**Exercise description**
Each line that holds the string "Smin" counts once. Say how many such lines the entries have, giving the number only.

**Supplied records**
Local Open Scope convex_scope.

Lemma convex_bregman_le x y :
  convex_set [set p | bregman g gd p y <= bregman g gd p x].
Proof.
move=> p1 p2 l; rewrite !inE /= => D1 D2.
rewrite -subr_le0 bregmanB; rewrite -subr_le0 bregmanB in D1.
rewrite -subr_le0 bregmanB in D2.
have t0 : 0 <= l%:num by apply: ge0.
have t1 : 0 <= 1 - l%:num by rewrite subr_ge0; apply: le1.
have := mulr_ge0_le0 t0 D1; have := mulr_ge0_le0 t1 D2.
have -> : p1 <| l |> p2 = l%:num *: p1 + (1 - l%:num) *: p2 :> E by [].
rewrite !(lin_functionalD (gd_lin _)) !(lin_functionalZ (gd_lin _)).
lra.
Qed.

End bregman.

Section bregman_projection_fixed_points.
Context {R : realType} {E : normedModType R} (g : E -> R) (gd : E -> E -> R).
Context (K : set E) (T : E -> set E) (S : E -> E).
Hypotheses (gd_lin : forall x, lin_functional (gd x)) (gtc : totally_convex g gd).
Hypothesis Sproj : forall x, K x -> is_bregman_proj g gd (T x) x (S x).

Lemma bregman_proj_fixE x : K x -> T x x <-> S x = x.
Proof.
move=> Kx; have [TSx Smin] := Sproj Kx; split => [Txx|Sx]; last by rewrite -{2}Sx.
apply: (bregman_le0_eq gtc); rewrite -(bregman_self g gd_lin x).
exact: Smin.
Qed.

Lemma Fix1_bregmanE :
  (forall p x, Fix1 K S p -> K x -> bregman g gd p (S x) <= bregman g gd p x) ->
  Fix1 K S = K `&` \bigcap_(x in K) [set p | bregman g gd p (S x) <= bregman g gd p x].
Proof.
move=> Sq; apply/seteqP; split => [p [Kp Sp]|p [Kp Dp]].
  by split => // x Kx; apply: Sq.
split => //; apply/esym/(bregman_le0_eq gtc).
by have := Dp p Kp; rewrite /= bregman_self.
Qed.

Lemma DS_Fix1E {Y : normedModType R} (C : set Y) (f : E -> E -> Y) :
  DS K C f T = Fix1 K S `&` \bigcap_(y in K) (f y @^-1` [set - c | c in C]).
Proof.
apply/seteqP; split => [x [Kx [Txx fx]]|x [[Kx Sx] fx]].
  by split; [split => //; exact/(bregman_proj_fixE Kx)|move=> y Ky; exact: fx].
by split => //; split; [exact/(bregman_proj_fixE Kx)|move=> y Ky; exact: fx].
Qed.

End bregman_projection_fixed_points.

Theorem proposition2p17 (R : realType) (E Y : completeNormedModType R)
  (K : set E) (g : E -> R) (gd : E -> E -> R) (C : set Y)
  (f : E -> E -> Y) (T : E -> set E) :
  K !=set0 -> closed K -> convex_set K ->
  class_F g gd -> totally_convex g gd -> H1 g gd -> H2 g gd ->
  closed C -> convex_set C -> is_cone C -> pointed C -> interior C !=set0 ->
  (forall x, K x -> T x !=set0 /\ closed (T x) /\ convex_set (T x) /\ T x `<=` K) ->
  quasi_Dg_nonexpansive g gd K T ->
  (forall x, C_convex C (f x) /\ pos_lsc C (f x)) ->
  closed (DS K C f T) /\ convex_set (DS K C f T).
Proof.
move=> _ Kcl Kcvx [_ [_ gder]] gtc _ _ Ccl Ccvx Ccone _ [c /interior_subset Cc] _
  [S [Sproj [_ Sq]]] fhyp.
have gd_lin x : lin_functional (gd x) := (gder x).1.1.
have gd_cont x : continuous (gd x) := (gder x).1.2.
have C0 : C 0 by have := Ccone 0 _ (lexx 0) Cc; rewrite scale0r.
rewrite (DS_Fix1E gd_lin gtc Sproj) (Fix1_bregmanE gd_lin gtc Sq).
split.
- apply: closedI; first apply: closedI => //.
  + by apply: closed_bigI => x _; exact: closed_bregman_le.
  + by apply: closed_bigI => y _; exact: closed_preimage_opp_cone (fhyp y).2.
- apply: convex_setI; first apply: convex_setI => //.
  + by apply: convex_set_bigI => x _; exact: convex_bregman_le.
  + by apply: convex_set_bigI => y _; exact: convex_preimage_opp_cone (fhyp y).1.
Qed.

**Result of the exercise**
2